■ Problem to solve
All of the entries below need to be repeated exactly.

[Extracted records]
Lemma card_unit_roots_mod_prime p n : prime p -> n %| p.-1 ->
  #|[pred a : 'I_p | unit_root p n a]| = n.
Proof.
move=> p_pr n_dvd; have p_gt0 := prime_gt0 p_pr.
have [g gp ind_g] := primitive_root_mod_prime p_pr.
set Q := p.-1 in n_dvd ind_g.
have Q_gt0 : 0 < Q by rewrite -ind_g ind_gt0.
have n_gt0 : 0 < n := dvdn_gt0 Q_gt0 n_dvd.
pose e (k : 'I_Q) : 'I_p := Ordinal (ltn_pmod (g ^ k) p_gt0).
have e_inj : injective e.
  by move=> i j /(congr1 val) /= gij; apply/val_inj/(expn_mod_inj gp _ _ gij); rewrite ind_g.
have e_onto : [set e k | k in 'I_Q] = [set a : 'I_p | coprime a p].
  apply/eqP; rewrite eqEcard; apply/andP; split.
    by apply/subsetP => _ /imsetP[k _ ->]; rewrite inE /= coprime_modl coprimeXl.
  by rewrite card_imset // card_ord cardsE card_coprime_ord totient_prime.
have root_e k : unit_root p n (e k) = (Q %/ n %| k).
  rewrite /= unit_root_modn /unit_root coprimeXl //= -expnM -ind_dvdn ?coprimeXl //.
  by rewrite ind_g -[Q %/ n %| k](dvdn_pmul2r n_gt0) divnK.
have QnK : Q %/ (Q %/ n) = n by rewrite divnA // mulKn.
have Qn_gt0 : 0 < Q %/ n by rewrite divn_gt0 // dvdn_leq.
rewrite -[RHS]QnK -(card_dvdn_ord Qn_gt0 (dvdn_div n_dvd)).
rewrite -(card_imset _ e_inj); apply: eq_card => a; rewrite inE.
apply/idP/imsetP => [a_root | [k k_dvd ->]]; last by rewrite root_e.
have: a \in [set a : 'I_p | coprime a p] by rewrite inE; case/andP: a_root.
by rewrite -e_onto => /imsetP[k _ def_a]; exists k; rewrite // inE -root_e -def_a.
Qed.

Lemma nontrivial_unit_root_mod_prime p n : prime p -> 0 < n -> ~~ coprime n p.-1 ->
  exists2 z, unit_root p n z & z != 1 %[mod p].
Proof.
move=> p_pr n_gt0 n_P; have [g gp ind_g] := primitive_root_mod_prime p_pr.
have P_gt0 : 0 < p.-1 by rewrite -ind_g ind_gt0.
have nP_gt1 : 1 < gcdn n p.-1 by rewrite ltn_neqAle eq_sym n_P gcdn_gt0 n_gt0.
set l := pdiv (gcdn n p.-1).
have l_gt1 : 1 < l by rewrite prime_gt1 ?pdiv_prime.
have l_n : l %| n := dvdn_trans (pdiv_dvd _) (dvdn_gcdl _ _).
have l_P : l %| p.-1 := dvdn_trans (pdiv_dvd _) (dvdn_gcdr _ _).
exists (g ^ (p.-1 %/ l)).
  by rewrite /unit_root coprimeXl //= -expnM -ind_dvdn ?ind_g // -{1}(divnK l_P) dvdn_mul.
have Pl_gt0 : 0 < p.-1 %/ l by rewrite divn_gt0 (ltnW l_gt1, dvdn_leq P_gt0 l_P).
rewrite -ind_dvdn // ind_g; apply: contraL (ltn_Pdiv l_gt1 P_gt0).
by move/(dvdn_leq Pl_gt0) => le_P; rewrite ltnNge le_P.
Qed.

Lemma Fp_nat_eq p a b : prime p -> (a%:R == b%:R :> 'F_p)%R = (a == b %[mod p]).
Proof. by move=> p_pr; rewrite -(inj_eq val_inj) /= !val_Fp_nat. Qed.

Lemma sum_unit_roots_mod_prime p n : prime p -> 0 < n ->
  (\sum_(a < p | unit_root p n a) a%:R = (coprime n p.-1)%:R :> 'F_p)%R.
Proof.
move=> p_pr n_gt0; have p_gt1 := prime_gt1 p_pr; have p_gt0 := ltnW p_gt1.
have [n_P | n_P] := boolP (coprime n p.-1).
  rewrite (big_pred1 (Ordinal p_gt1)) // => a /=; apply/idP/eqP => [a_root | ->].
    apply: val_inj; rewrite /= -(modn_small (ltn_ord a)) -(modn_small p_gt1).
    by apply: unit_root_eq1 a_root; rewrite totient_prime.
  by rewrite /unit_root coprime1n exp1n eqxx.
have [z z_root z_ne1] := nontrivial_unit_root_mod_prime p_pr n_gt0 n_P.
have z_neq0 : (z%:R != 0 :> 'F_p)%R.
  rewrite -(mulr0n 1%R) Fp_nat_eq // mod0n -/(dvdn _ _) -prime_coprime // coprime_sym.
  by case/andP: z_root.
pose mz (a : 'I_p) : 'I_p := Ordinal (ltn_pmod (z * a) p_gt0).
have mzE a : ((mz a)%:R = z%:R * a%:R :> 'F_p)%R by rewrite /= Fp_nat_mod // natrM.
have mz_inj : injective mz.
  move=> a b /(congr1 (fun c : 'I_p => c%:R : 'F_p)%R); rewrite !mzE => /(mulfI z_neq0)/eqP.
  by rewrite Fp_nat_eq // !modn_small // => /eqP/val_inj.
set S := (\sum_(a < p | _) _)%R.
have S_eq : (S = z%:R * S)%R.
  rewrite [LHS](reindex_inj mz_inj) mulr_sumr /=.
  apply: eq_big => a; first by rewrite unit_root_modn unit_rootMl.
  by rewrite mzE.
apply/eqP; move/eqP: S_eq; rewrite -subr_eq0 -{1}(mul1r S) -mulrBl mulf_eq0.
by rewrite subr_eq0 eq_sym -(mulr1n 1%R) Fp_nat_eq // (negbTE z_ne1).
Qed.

■ Output of the task
Lemma card_unit_roots_mod_prime p n : prime p -> n %| p.-1 ->
  #|[pred a : 'I_p | unit_root p n a]| = n.
Proof.
move=> p_pr n_dvd; have p_gt0 := prime_gt0 p_pr.
have [g gp ind_g] := primitive_root_mod_prime p_pr.
set Q := p.-1 in n_dvd ind_g.
have Q_gt0 : 0 < Q by rewrite -ind_g ind_gt0.
have n_gt0 : 0 < n := dvdn_gt0 Q_gt0 n_dvd.
pose e (k : 'I_Q) : 'I_p := Ordinal (ltn_pmod (g ^ k) p_gt0).
have e_inj : injective e.
  by move=> i j /(congr1 val) /= gij; apply/val_inj/(expn_mod_inj gp _ _ gij); rewrite ind_g.
have e_onto : [set e k | k in 'I_Q] = [set a : 'I_p | coprime a p].
  apply/eqP; rewrite eqEcard; apply/andP; split.
    by apply/subsetP => _ /imsetP[k _ ->]; rewrite inE /= coprime_modl coprimeXl.
  by rewrite card_imset // card_ord cardsE card_coprime_ord totient_prime.
have root_e k : unit_root p n (e k) = (Q %/ n %| k).
  rewrite /= unit_root_modn /unit_root coprimeXl //= -expnM -ind_dvdn ?coprimeXl //.
  by rewrite ind_g -[Q %/ n %| k](dvdn_pmul2r n_gt0) divnK.
have QnK : Q %/ (Q %/ n) = n by rewrite divnA // mulKn.
have Qn_gt0 : 0 < Q %/ n by rewrite divn_gt0 // dvdn_leq.
rewrite -[RHS]QnK -(card_dvdn_ord Qn_gt0 (dvdn_div n_dvd)).
rewrite -(card_imset _ e_inj); apply: eq_card => a; rewrite inE.
apply/idP/imsetP => [a_root | [k k_dvd ->]]; last by rewrite root_e.
have: a \in [set a : 'I_p | coprime a p] by rewrite inE; case/andP: a_root.
by rewrite -e_onto => /imsetP[k _ def_a]; exists k; rewrite // inE -root_e -def_a.
Qed.

Lemma nontrivial_unit_root_mod_prime p n : prime p -> 0 < n -> ~~ coprime n p.-1 ->
  exists2 z, unit_root p n z & z != 1 %[mod p].
Proof.
move=> p_pr n_gt0 n_P; have [g gp ind_g] := primitive_root_mod_prime p_pr.
have P_gt0 : 0 < p.-1 by rewrite -ind_g ind_gt0.
have nP_gt1 : 1 < gcdn n p.-1 by rewrite ltn_neqAle eq_sym n_P gcdn_gt0 n_gt0.
set l := pdiv (gcdn n p.-1).
have l_gt1 : 1 < l by rewrite prime_gt1 ?pdiv_prime.
have l_n : l %| n := dvdn_trans (pdiv_dvd _) (dvdn_gcdl _ _).
have l_P : l %| p.-1 := dvdn_trans (pdiv_dvd _) (dvdn_gcdr _ _).
exists (g ^ (p.-1 %/ l)).
  by rewrite /unit_root coprimeXl //= -expnM -ind_dvdn ?ind_g // -{1}(divnK l_P) dvdn_mul.
have Pl_gt0 : 0 < p.-1 %/ l by rewrite divn_gt0 (ltnW l_gt1, dvdn_leq P_gt0 l_P).
rewrite -ind_dvdn // ind_g; apply: contraL (ltn_Pdiv l_gt1 P_gt0).
by move/(dvdn_leq Pl_gt0) => le_P; rewrite ltnNge le_P.
Qed.

Lemma Fp_nat_eq p a b : prime p -> (a%:R == b%:R :> 'F_p)%R = (a == b %[mod p]).
Proof. by move=> p_pr; rewrite -(inj_eq val_inj) /= !val_Fp_nat. Qed.

Lemma sum_unit_roots_mod_prime p n : prime p -> 0 < n ->
  (\sum_(a < p | unit_root p n a) a%:R = (coprime n p.-1)%:R :> 'F_p)%R.
Proof.
move=> p_pr n_gt0; have p_gt1 := prime_gt1 p_pr; have p_gt0 := ltnW p_gt1.
have [n_P | n_P] := boolP (coprime n p.-1).
  rewrite (big_pred1 (Ordinal p_gt1)) // => a /=; apply/idP/eqP => [a_root | ->].
    apply: val_inj; rewrite /= -(modn_small (ltn_ord a)) -(modn_small p_gt1).
    by apply: unit_root_eq1 a_root; rewrite totient_prime.
  by rewrite /unit_root coprime1n exp1n eqxx.
have [z z_root z_ne1] := nontrivial_unit_root_mod_prime p_pr n_gt0 n_P.
have z_neq0 : (z%:R != 0 :> 'F_p)%R.
  rewrite -(mulr0n 1%R) Fp_nat_eq // mod0n -/(dvdn _ _) -prime_coprime // coprime_sym.
  by case/andP: z_root.
pose mz (a : 'I_p) : 'I_p := Ordinal (ltn_pmod (z * a) p_gt0).
have mzE a : ((mz a)%:R = z%:R * a%:R :> 'F_p)%R by rewrite /= Fp_nat_mod // natrM.
have mz_inj : injective mz.
  move=> a b /(congr1 (fun c : 'I_p => c%:R : 'F_p)%R); rewrite !mzE => /(mulfI z_neq0)/eqP.
  by rewrite Fp_nat_eq // !modn_small // => /eqP/val_inj.
set S := (\sum_(a < p | _) _)%R.
have S_eq : (S = z%:R * S)%R.
  rewrite [LHS](reindex_inj mz_inj) mulr_sumr /=.
  apply: eq_big => a; first by rewrite unit_root_modn unit_rootMl.
  by rewrite mzE.
apply/eqP; move/eqP: S_eq; rewrite -subr_eq0 -{1}(mul1r S) -mulrBl mulf_eq0.
by rewrite subr_eq0 eq_sym -(mulr1n 1%R) Fp_nat_eq // (negbTE z_ne1).
Qed.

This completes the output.